The new version marries the power of cloud elasticity and the query power of indexing for big data analytics, giving data teams the ability to scale analytics workloads rapidly and meet fluctuating demand, according to the vendor.
It delivers a dramatic increase in cost performance and cluster elasticity as compared to the previous version. In addition, version 3.0 eliminates the need to keep high-performance and expensive SSD NVMe (Solid-State Drive Nonvolatile Memory Express) compute instances idling when the cluster is not in use.
“Varada was built on the premise that indexing can transform big data analytics, if done correctly,” said Eran Vanounou, CEO of Varada. “With version 3.0, the Varada platform is now the most powerful and cost-effective way to leverage the power of big data directly atop your data lake.”
This third iteration of the Varada platform marks the latest step in a journey that began last December with version 1.0, in which adaptive indexing chooses the optimal index for each data set to deliver 10x-100x faster performance compared to other data lake query engines.
The platform used pre-defined materialization to enable indexing. This past spring, version 2.0 eliminated the need for materialization and added a dynamic, smart observability layer that automatically decides which data to index and when to index, making it easy to use and giving users a dramatic improvement in TCO (Total Cost of Ownership).
Version 3.0 extends these advantages with rapid and elastic scaling capabilities that let users add and remove nodes and clusters rapidly depending on current workload needs, further improving TCO for large-scale users.
Also Read: Marketing With Data Lakes and Data Warehouses
Version 3.0 of the Varada platform includes three layers.
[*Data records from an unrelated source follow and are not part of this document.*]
(* Fix reals $a<b$, $S=T\cap[a,b]$, a natural number $m\ge1$, an integer $\ell\ge1$ and reals $a=u_1<u_2<\cdots<u_\ell<u_{\ell+1}=b$. Let $\mathcal A$ be any set of constraints on real tuples $(c,(x_i^{(k)})_{1\le i\le \ell,\,0\le k\le 2m-1})$ such that for every $S$-code $C$ the tuple $(|C|,(x_i^{(k)}(C)))$ satisfies $\mathcal A$. Let $c^*(m)$ be the supremum of $c$ over all real $c,z,(x_i^{(k)})$ satisfying: (5) $\begin{pmatrix}1&c\\ c&z\end{pmatrix}\succeq0$ and $z=c+x_1^{(0)}+\cdots+x_\ell^{(0)}$; (6) $c+\sum_{d=0}^k p_{kd}\sum_{i=1}^\ell x_i^{(d)}\ge0$ for $k=1,\ldots,2m-1$; (7) $H_m(x_i^{(0)},x_i^{(1)},\ldots,x_i^{(2m-1)},[u_i,u_{i+1}])\succeq0$ for $i=1,\ldots,\ell$; (8) the constraints $\mathcal A$. Then $A(\mathbf M,S)\le c^*(m)$.
   Context: $\mathbf M$ is a 2-point-homogeneous space with its associated real function $\tau(x,y)$, $\tau_0:=\tau(x,x)$, and $T=\{\tau(x,y):x,y\in\mathbf M\}$. Its zonal spherical functions $\Phi_k$ are assumed to be real polynomials of degree $k$, $\Phi_k(t)=\sum_{d=0}^k p_{kd}t^d$, with $\Phi_k(\tau_0)=1$, such that for every $k\ge0$ and every finite $\{x_1,\ldots,x_N\}\subset\mathbf M$ the matrix $(\Phi_k(\tau(x_i,x_j)))_{i,j}$ is positive semidefinite. An $S$-code is a finite $C\subset\mathbf M$ with $\tau(x,y)\in S$ for all distinct $x,y\in C$; $A(\mathbf M,S)$ is the largest cardinality of an $S$-code. For an $S$-code $C=\{z_1,\ldots,z_c\}$, $x_i^{(k)}(C):=\sum \tau(z_p,z_q)^k$, the sum over ordered pairs $(p,q)$ with $p\ne q$ and $\tau(z_p,z_q)\in[u_i,u_{i+1})$ for $i<\ell$, resp. $\tau(z_p,z_q)\in[u_\ell,b]$ for $i=\ell$ (with $\tau^0:=1$). For reals $s_0,\ldots,s_{2m-1}$ and $\alpha<\beta$: $R_m=(s_{i+j-2})_{i,j=1}^m$, $F_m^+(\alpha)=(s_{i+j-1}-\alpha s_{i+j-2})$, $F_m^-(\beta)=(\beta s_{i+j-2}-s_{i+j-1})$, $H_m(s_0,\ldots,s_{2m-1},[\alpha,\beta])=\operatorname{diag}(R_m,F_m^+(\alpha),F_m^-(\beta))$. *)

From HB Require Import structures.
From mathcomp Require Import all_boot all_order all_algebra.
From mathcomp Require Import boolp classical_sets reals constructive_ereal ereal.
Set Implicit Arguments. Unset Strict Implicit. Unset Printing Implicit Defensive.
Import Order.TTheory GRing.Theory Num.Theory.
Local Open Scope ring_scope.
Local Open Scope classical_set_scope.

Section Defs.
Variable R : realType.

Definition psd (n : nat) (A : 'M[R]_n) : Prop :=
  A^T = A /\ forall v : 'cV[R]_n, 0 <= (v^T *m A *m v) 0 0.

Definition two_point_homogeneous (M : Type) (tau : M -> M -> R) : Prop :=
  exists G : set (M -> M),
    (forall g, G g -> bijective g /\ forall x y, tau (g x) (g y) = tau x y) /\
    (forall x y x' y', tau x y = tau x' y' ->
        exists g, G g /\ g x = x' /\ g y = y').

Variable M : Type.
Variable tau : M -> M -> R.

Definition Sset (a b : R) : set R :=
  [set t | (exists x y, tau x y = t) /\ a <= t <= b].

Definition is_code (S : set R) (N : nat) (z : 'I_N -> M) : Prop :=
  injective z /\ forall p q : 'I_N, p != q -> S (tau (z p) (z q)).

(* bins (0-indexed): bin i is [u i, u (i+1)) for i+1 < l, and [u (l-1), u l] for i = l-1 *)
Definition in_bin (u : nat -> R) (l i : nat) (t : R) : bool :=
  if (i.+1 < l)%N then (u i <= t) && (t < u i.+1) else (u i <= t) && (t <= u l).

Definition code_x (u : nat -> R) (l m N : nat) (z : 'I_N -> M)
  : 'I_l -> 'I_(2 * m) -> R :=
  fun i k => \sum_(p < N) \sum_(q < N | (p != q) && in_bin u l i (tau (z p) (z q)))
               tau (z p) (z q) ^+ k.

End Defs.

Definition ext (R : realType) (n : nat) (f : 'I_n -> R) (k : nat) : R :=
  match @insub nat (fun k => (k < n)%N) _ k with Some j => f j | None => 0 end.

(* H_m(s_0..s_{2m-1},[alpha,beta]) = diag(R_m, F_m^+(alpha), F_m^-(beta)) *)
Definition Hmat (R : realType) (m : nat) (s : nat -> R) (alpha beta : R)
  : 'M[R]_(m + m + m) :=
  block_mx
    (block_mx (\matrix_(i < m, j < m) s (i + j)%N) 0
              0 (\matrix_(i < m, j < m) (s (i + j).+1 - alpha * s (i + j)%N)))
    0 0 (\matrix_(i < m, j < m) (beta * s (i + j)%N - s (i + j).+1)).

Definition feasible (R : realType) (Phi : nat -> {poly R}) (m l : nat)
  (u : nat -> R) (A : R -> ('I_l -> 'I_(2 * m) -> R) -> Prop)
  (c z : R) (x : 'I_l -> 'I_(2 * m) -> R) : Prop :=
  psd (\matrix_(i < 2, j < 2) (if i == j then (if i == 0 :> nat then 1 else z) else c))
  /\ z = c + \sum_(i < l) ext (x i) 0
  /\ (forall k : nat, (1 <= k <= 2 * m - 1)%N ->
        0 <= c + \sum_(d < k.+1) (Phi k)`_d * \sum_(i < l) ext (x i) d)
  /\ (forall i : 'I_l, psd (Hmat m (ext (x i)) (u i) (u i.+1)))
  /\ A c x.

Definition cstar (R : realType) (Phi : nat -> {poly R}) (m l : nat)
  (u : nat -> R) (A : R -> ('I_l -> 'I_(2 * m) -> R) -> Prop) : \bar R :=
  ereal_sup [set c%:E | c in [set c | exists z x, feasible Phi u A c z x]].

(* The code itself provides a feasible point: c = |C|, z = |C|^2 and x = x(C).
   Condition (5) holds because [[1, c], [c, c^2]] is the Gram matrix of (1, c)
   and z - c counts the ordered pairs of distinct points.  Condition (6) is the
   all-ones quadratic form of the positive semidefinite matrix
   (Phi_k(tau(z_p, z_q))), whose diagonal contributes exactly |C| since
   Phi_k(tau_0) = 1.  Each block of H_m in (7) is a Hankel moment matrix of the
   distances falling in [u_i, u_(i+1)], weighted by 1, t - u_i or u_(i+1) - t,
   all nonnegative on that bin. *)

From HB Require Import structures.
From mathcomp Require Import all_boot all_order all_algebra.
From mathcomp Require Import boolp classical_sets reals constructive_ereal ereal.
From mathcomp Require Import ring lra zify.
Set Implicit Arguments. Unset Strict Implicit. Unset Printing Implicit Defensive.
Import Order.TTheory GRing.Theory Num.Theory.
Local Open Scope ring_scope.

Section Bins.
Variables (R : realType) (u : nat -> R) (l : nat).
Hypothesis u_incr : forall i, (i < l)%N -> u i < u i.+1.

Lemma breakpoints_nondecr : {in gtn l.+1 &, {homo u : i j / (i <= j)%N >-> i <= j}}.
Proof.
apply: Order.NatMonotonyTheory.nondecn_inP => [i j il jl k|i _ il].
  by rewrite !inE in il jl *; lia.
by rewrite inE ltnS in il; exact/ltW/u_incr.
Qed.

Lemma in_bin_bounds i t : (i < l)%N -> in_bin u l i t -> u i <= t <= u i.+1.
Proof.
rewrite /in_bin => il; case: ifP => [_ /andP[-> /ltW //]|last_bin].
by have -> : i.+1 = l by lia.
Qed.

Lemma in_bin_uniq i j t :
  (i < l)%N -> (j < l)%N -> in_bin u l i t -> in_bin u l j t -> i = j.
Proof.
wlog ij : i j / (i <= j)%N => [W il jl bi bj|il jl bi bj].
  by case: (leqP i j) => [|/ltnW] ij; [exact: W | exact/esym/W].
apply/eqP; rewrite eqn_leq ij /=; apply: contraTT bi; rewrite -ltnNge => ij'.
rewrite /in_bin ifT; last by lia.
have /andP[ujt _] := in_bin_bounds jl bj.
have uij : u i.+1 <= u j by apply: breakpoints_nondecr; rewrite ?inE; lia.
by apply/negP => /andP[_]; lra.
Qed.

Lemma in_bin_exists t : (0 < l)%N -> u 0 <= t <= u l -> exists i : 'I_l, in_bin u l i t.
Proof.
move=> l_gt0 /andP[u0t tul].
case: (@arg_maxnP _ (Ordinal l_gt0) (fun j => u j <= t) val u0t) => i uit i_max.
exists i; rewrite /in_bin uit /=; case: ifP => [il|_ //].
rewrite ltNge; apply/negP => uit'.
by have := i_max (Ordinal il) uit'; rewrite /= ltnn.
Qed.

Lemma sum_in_bin (g t : R) : (0 < l)%N -> u 0 <= t <= u l ->
  \sum_(i < l) (if in_bin u l i t then g else 0) = g.
Proof.
move=> l_gt0 /(in_bin_exists l_gt0) [i0 bin_i0].
rewrite (bigD1 i0) //= bin_i0 big1 ?addr0 // => j ji0.
case: ifP => // bin_j; case/eqP: ji0; apply: val_inj.
exact: in_bin_uniq (ltn_ord j) (ltn_ord i0) bin_j bin_i0.
Qed.

End Bins.

Lemma extE (R : realType) n (f : 'I_n -> R) k (kn : (k < n)%N) :
  ext f k = f (Ordinal kn).
Proof. by rewrite /ext insubT /=; congr f; apply: val_inj. Qed.

Lemma sum_split_diag (R : ringType) N (G : 'I_N -> 'I_N -> R) :
  (forall p, G p p = 1) ->
  \sum_p \sum_q G p q = N%:R + \sum_p \sum_(q | p != q) G p q.
Proof.
move=> G_diag; have -> : N%:R = \sum_(p < N) 1 :> R by rewrite sumr_const card_ord.
rewrite -big_split /=.
apply: eq_bigr => p _; rewrite (bigD1 p) //= G_diag; congr (_ + _).
by apply: eq_bigl => q; rewrite eq_sym.
Qed.

Section Psd.
Variable R : realType.

Lemma quad_formE n (A : 'M[R]_n) (v : 'cV[R]_n) :
  (v^T *m A *m v) 0 0 = \sum_i \sum_j v i 0 * A i j * v j 0.
Proof.
rewrite mxE; under eq_bigr => j _ do rewrite mxE big_distrl /=.
rewrite exchange_big; apply: eq_bigr => i _; apply: eq_bigr => j _.
by rewrite mxE.
Qed.

Lemma psd_sum_ge0 n (A : 'M[R]_n) : psd A -> 0 <= \sum_i \sum_j A i j.
Proof.
case=> _ /(_ (const_mx 1)); rewrite quad_formE.
by under eq_bigr do under eq_bigr do rewrite !mxE mulr1 mul1r.
Qed.

Lemma psd_block_diag n1 n2 (A : 'M[R]_n1) (B : 'M[R]_n2) :
  psd A -> psd B -> psd (block_mx A 0 0 B).
Proof.
move=> [tA qA] [tB qB]; split; first by rewrite tr_block_mx tA tB !trmx0.
move=> v; rewrite -(vsubmxK v) tr_col_mx mul_row_block !mulmx0 addr0 add0r.
by rewrite mul_row_col mxE addr_ge0.
Qed.

Lemma psd_moment_matrix n (I : finType) (P : pred I) (w t : I -> R) (A : 'M[R]_n) :
  (forall k, P k -> 0 <= w k) ->
  (forall i j : 'I_n, A i j = \sum_(k | P k) w k * t k ^+ (i + j)) ->
  psd A.
Proof.
move=> w_ge0 AE; split; first by apply/matrixP => i j; rewrite mxE !AE addnC.
move=> v; rewrite quad_formE.
have -> : \sum_i \sum_j v i 0 * A i j * v j 0 =
    \sum_(k | P k) w k * (\sum_i v i 0 * t k ^+ i) ^+ 2.
  under eq_bigr do under eq_bigr do rewrite AE big_distrr big_distrl /=.
  under eq_bigr do rewrite exchange_big /=.
  rewrite exchange_big /=; apply: eq_bigr => k _.
  rewrite expr2 mulr_suml mulr_sumr; apply: eq_bigr => i _.
  rewrite mulr_sumr mulr_sumr; apply: eq_bigr => j _.
  by rewrite exprD; ring.
by apply: sumr_ge0 => k Pk; rewrite mulr_ge0 ?w_ge0 ?sqr_ge0.
Qed.

Lemma psd_rank_one2 (c : R) :
  psd (\matrix_(i < 2, j < 2) (if i == j then (if i == 0 :> nat then 1 else c ^+ 2) else c)).
Proof.
split; first by apply/matrixP => i j; rewrite !mxE eq_sym; case: eqP => [->|].
move=> v; rewrite quad_formE !big_ord_recl !big_ord0 !mxE /=.
set v0 := v ord0 0; set v1 := v (lift ord0 ord0) 0.
by rewrite [X in 0 <= X](_ : _ = (v0 + c * v1) ^+ 2) ?sqr_ge0 //; ring.
Qed.

End Psd.

Section CodeMoments.
Variables (R : realType) (M : Type) (tau : M -> M -> R).
Variables (u : nat -> R) (l m N : nat) (z : 'I_N -> M).
Hypothesis u_incr : forall i, (i < l)%N -> u i < u i.+1.
Hypothesis l_gt0 : (0 < l)%N.
Hypothesis z_range : forall p q, p != q -> u 0 <= tau (z p) (z q) <= u l.

Local Notation x := (@code_x R M tau u l m N z).

Lemma ext_code_xE (i : 'I_l) k : (k < 2 * m)%N ->
  ext (x i) k = \sum_p \sum_(q | (p != q) && in_bin u l i (tau (z p) (z q)))
                  tau (z p) (z q) ^+ k.
Proof. by move=> km; rewrite (extE _ km). Qed.

Lemma sum_code_x k : (k < 2 * m)%N ->
  \sum_(i < l) ext (x i) k = \sum_p \sum_(q | p != q) tau (z p) (z q) ^+ k.
Proof.
move=> km; under eq_bigr => i _ do rewrite ext_code_xE //.
under eq_bigr do under eq_bigr do rewrite big_mkcondr /=.
rewrite exchange_big; apply: eq_bigr => p _.
rewrite exchange_big; apply: eq_bigr => q pq.
by rewrite sum_in_bin ?z_range.
Qed.

Lemma sum_code_x_poly (P : {poly R}) k : (size P <= k.+1)%N -> (k < 2 * m)%N ->
  \sum_(d < k.+1) P`_d * \sum_(i < l) ext (x i) d =
  \sum_p \sum_(q | p != q) P.[tau (z p) (z q)].
Proof.
move=> sizeP km.
have dm (d : 'I_k.+1) : (d < 2 * m)%N by apply: leq_ltn_trans km; rewrite -ltnS.
under eq_bigr => d _ do rewrite sum_code_x // mulr_sumr.
rewrite exchange_big; apply: eq_bigr => p _.
under eq_bigr do rewrite mulr_sumr; rewrite exchange_big; apply: eq_bigr => q _.
by rewrite (horner_coef_wide _ sizeP).
Qed.

Lemma sum_code_x0 : (0 < m)%N -> N%:R + \sum_(i < l) ext (x i) 0 = N%:R ^+ 2.
Proof.
move=> m_gt0; rewrite sum_code_x ?muln_gt0 //.
under eq_bigr do under eq_bigr do rewrite expr0.
rewrite -(@sum_split_diag _ _ (fun _ _ => 1)) //.
by rewrite !sumr_const !card_ord expr2 mulr_natr.
Qed.

Lemma code_x_Hmat_psd (i : 'I_l) : psd (Hmat m (ext (x i)) (u i) (u i.+1)).
Proof.
pose P (pq : 'I_N * 'I_N) := (pq.1 != pq.2) && in_bin u l i (tau (z pq.1) (z pq.2)).
pose t (pq : 'I_N * 'I_N) := tau (z pq.1) (z pq.2).
have xE k : (k < 2 * m)%N -> ext (x i) k = \sum_(pq | P pq) t pq ^+ k.
  by move=> km; rewrite ext_code_xE // pair_big_dep.
have t_bin pq : P pq -> u i <= t pq <= u i.+1.
  by case/andP=> _; apply: in_bin_bounds.
have ab_lt (a b : 'I_m) : ((a + b).+1 < 2 * m)%N.
  by have := ltn_ord a; have := ltn_ord b; lia.
apply: psd_block_diag; first apply: psd_block_diag.
- apply: (@psd_moment_matrix _ _ _ P (fun=> 1) t) => // a b.
  by rewrite mxE (xE _ (ltnW (ab_lt a b))); apply: eq_bigr => pq _; rewrite mul1r.
- apply: (@psd_moment_matrix _ _ _ P (fun pq => t pq - u i) t) => [pq /t_bin|a b].
    by case/andP; rewrite subr_ge0.
  rewrite mxE (xE _ (ab_lt a b)) (xE _ (ltnW (ab_lt a b))) mulr_sumr -sumrB.
  by apply: eq_bigr => pq _; rewrite exprS; ring.
- apply: (@psd_moment_matrix _ _ _ P (fun pq => u i.+1 - t pq) t) => [pq /t_bin|a b].
    by case/andP=> _; rewrite subr_ge0.
  rewrite mxE (xE _ (ab_lt a b)) (xE _ (ltnW (ab_lt a b))) mulr_sumr -sumrB.
  by apply: eq_bigr => pq _; rewrite exprS; ring.
Qed.

End CodeMoments.

Theorem theorem6p1 (R : realType) (M : Type) (tau : M -> M -> R) (tau0 : R)
  (Phi : nat -> {poly R})
  (Htph : two_point_homogeneous tau)
  (Htau0 : forall x, tau x x = tau0)
  (Hdeg : forall k, size (Phi k) = k.+1)
  (Hnorm : forall k, (Phi k).[tau0] = 1)
  (Hpsd : forall (k N : nat) (z : 'I_N -> M), injective z ->
            psd (\matrix_(i < N, j < N) (Phi k).[tau (z i) (z j)]))
  (a b : R) (hab : a < b) (m : nat) (hm : (1 <= m)%N) (l : nat) (hl : (1 <= l)%N)
  (u : nat -> R) (hu0 : u 0%N = a) (hul : u l = b)
  (hu : forall i : nat, (i < l)%N -> u i < u i.+1)
  (A : R -> ('I_l -> 'I_(2 * m) -> R) -> Prop)
  (HA : forall (N : nat) (z : 'I_N -> M), is_code tau (Sset tau a b) z ->
          A N%:R (@code_x R M tau u l m N z)) :
  forall (N : nat) (z : 'I_N -> M), is_code tau (Sset tau a b) z ->
    ((N%:R : R)%:E <= cstar Phi u A)%E.
Proof.
move=> N z [z_inj z_S]; pose x := @code_x R M tau u l m N z.
have z_range p q : p != q -> u 0 <= tau (z p) (z q) <= u l.
  by case/z_S=> _; rewrite hu0 hul.
apply: ereal_sup_ubound; exists N%:R => //; exists (N%:R + \sum_i ext (x i) 0), x.
split; first by rewrite (sum_code_x0 hu hl z_range hm); exact: psd_rank_one2.
split=> //; split.
  move=> k /andP[k_gt0 k_lt]; rewrite (sum_code_x_poly hu hl z_range) ?Hdeg //; last lia.
  rewrite -sum_split_diag; last by move=> p; rewrite Htau0 Hnorm.
  by move: (psd_sum_ge0 (Hpsd k N z z_inj)); under eq_bigr do under eq_bigr do rewrite mxE.
by split; [exact: code_x_Hmat_psd | exact: HA].
Qed.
The first is the hot data and index layer, in which SSD NVMe attached nodes (in the customer’s Virtual Private Cloud) are used to process queries and store hot data and cache for optimal performance.
The second is the warm index and data layer, where an object storage bucket on the customer’s data lake is used to store all indexes for scaling purposes. The third layer is the customer data layer (“cold”), which remains the single source of truth.
Varada’s platform is based on a multi-cluster approach, which allows different clusters to share warm indexed data by accessing the designated bucket on the data lake.
In addition to behavior-based indexing, data platform teams can opt for indexing in the background by low-cost nodes on spot instances. Indexing will be stored on the “warm data” layer for fast warming up in the future. This can be used to prepare in advance for upcoming spikes in analytics requirements or to significantly reduce TCO.